(Aim of the task): Print nothing but the lines below starting at the line that holds "- rewrite <- (firstn_skipn" and ending at the line that holds "Hypothesis hyp : gromov_hyperbolic_metric", including both, each exactly as written.

(Collected data):
Start of Block

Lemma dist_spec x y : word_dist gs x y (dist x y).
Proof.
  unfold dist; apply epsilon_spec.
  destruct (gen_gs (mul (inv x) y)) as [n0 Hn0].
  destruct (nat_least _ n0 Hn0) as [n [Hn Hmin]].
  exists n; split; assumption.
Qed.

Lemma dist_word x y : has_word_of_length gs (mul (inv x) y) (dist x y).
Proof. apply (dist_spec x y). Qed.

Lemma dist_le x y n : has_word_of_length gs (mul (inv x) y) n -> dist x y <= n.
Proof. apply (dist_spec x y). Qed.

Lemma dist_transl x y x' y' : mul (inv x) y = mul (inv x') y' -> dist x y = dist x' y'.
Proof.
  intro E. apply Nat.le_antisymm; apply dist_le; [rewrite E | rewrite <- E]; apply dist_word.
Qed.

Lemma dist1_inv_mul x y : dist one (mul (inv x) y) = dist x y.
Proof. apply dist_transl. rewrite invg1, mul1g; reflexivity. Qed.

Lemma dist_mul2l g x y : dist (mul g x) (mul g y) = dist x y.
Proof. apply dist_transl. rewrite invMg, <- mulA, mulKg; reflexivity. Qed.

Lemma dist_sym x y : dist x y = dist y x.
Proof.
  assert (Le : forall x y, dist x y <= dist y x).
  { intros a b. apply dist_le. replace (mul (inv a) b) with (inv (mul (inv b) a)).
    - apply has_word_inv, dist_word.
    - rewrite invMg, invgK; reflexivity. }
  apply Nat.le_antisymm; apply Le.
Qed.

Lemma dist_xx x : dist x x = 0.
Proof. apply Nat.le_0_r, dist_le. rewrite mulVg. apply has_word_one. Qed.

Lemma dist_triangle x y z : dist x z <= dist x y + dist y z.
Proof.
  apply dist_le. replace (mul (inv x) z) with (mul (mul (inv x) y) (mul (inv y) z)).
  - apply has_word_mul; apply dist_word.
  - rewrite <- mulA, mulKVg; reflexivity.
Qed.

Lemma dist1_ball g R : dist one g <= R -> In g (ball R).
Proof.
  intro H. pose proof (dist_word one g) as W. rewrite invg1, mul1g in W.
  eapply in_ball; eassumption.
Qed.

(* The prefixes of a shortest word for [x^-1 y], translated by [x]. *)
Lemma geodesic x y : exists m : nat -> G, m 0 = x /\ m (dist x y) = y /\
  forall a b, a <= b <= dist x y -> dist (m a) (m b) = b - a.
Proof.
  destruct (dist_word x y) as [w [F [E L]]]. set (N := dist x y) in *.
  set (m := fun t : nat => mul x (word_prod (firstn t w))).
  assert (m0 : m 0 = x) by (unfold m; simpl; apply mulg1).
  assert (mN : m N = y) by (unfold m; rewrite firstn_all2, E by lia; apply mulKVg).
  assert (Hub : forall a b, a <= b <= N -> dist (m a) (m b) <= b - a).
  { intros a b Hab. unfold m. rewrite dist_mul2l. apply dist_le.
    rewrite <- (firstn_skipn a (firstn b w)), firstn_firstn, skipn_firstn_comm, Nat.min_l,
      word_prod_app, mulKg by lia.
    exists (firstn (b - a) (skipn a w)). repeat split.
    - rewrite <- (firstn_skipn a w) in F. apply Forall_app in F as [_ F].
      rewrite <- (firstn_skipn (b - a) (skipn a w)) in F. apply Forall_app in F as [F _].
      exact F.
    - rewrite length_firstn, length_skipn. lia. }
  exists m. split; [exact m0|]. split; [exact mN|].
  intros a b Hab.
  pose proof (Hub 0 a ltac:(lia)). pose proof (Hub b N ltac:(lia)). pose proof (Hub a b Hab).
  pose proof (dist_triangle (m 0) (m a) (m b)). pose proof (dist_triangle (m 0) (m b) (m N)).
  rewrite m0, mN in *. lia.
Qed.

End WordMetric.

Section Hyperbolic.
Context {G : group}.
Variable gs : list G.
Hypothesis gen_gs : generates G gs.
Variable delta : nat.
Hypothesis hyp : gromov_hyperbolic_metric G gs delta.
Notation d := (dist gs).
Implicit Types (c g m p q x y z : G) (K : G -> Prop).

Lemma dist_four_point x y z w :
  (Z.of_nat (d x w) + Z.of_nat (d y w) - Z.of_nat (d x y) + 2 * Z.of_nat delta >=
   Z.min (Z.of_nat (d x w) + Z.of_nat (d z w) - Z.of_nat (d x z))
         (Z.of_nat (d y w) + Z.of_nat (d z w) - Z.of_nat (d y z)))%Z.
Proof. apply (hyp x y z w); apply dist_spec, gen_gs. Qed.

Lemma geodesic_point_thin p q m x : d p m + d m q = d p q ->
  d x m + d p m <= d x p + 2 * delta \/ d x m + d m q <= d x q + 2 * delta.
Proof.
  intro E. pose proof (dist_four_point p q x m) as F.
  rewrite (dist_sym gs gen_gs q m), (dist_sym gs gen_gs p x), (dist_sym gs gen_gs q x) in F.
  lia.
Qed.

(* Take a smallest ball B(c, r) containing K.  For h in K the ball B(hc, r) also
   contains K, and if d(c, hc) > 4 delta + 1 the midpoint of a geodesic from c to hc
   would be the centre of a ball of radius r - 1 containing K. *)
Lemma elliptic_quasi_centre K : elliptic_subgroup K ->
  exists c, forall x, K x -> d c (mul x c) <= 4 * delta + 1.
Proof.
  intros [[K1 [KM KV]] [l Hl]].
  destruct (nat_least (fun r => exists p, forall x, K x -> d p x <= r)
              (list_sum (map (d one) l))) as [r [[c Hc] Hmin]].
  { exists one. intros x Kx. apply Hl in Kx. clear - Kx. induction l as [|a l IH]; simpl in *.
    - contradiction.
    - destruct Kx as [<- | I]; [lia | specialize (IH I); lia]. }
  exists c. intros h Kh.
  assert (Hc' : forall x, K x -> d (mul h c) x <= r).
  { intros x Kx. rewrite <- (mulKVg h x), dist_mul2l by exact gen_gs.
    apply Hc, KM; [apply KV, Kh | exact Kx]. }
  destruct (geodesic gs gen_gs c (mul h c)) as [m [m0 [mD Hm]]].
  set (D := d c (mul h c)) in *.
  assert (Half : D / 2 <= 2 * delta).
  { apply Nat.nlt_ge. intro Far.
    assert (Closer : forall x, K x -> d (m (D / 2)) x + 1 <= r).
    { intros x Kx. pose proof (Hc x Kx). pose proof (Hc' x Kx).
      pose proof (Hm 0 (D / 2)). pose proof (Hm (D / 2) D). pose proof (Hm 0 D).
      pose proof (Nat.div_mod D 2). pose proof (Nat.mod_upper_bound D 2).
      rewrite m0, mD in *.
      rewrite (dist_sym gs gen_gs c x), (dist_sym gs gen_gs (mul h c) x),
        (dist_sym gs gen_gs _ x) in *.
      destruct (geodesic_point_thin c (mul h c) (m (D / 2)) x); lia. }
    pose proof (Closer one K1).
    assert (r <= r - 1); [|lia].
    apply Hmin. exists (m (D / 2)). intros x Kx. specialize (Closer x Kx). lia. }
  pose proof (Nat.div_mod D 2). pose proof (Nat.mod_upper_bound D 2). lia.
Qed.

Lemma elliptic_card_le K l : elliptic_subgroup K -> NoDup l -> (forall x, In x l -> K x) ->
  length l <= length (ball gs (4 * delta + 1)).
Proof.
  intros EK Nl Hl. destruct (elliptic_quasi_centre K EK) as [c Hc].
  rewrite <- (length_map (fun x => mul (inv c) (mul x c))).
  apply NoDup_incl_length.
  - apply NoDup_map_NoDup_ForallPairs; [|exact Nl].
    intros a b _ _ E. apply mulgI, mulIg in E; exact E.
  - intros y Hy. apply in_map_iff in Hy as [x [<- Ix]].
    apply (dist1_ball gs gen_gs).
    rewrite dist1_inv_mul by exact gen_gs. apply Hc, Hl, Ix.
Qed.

End of Block

(Answer section):
    - rewrite <- (firstn_skipn a w) in F. apply Forall_app in F as [_ F].
      rewrite <- (firstn_skipn (b - a) (skipn a w)) in F. apply Forall_app in F as [F _].
      exact F.
    - rewrite length_firstn, length_skipn. lia. }
  exists m. split; [exact m0|]. split; [exact mN|].
  intros a b Hab.
  pose proof (Hub 0 a ltac:(lia)). pose proof (Hub b N ltac:(lia)). pose proof (Hub a b Hab).
  pose proof (dist_triangle (m 0) (m a) (m b)). pose proof (dist_triangle (m 0) (m b) (m N)).
  rewrite m0, mN in *. lia.
Qed.

End WordMetric.

Section Hyperbolic.
Context {G : group}.
Variable gs : list G.
Hypothesis gen_gs : generates G gs.
Variable delta : nat.
Hypothesis hyp : gromov_hyperbolic_metric G gs delta.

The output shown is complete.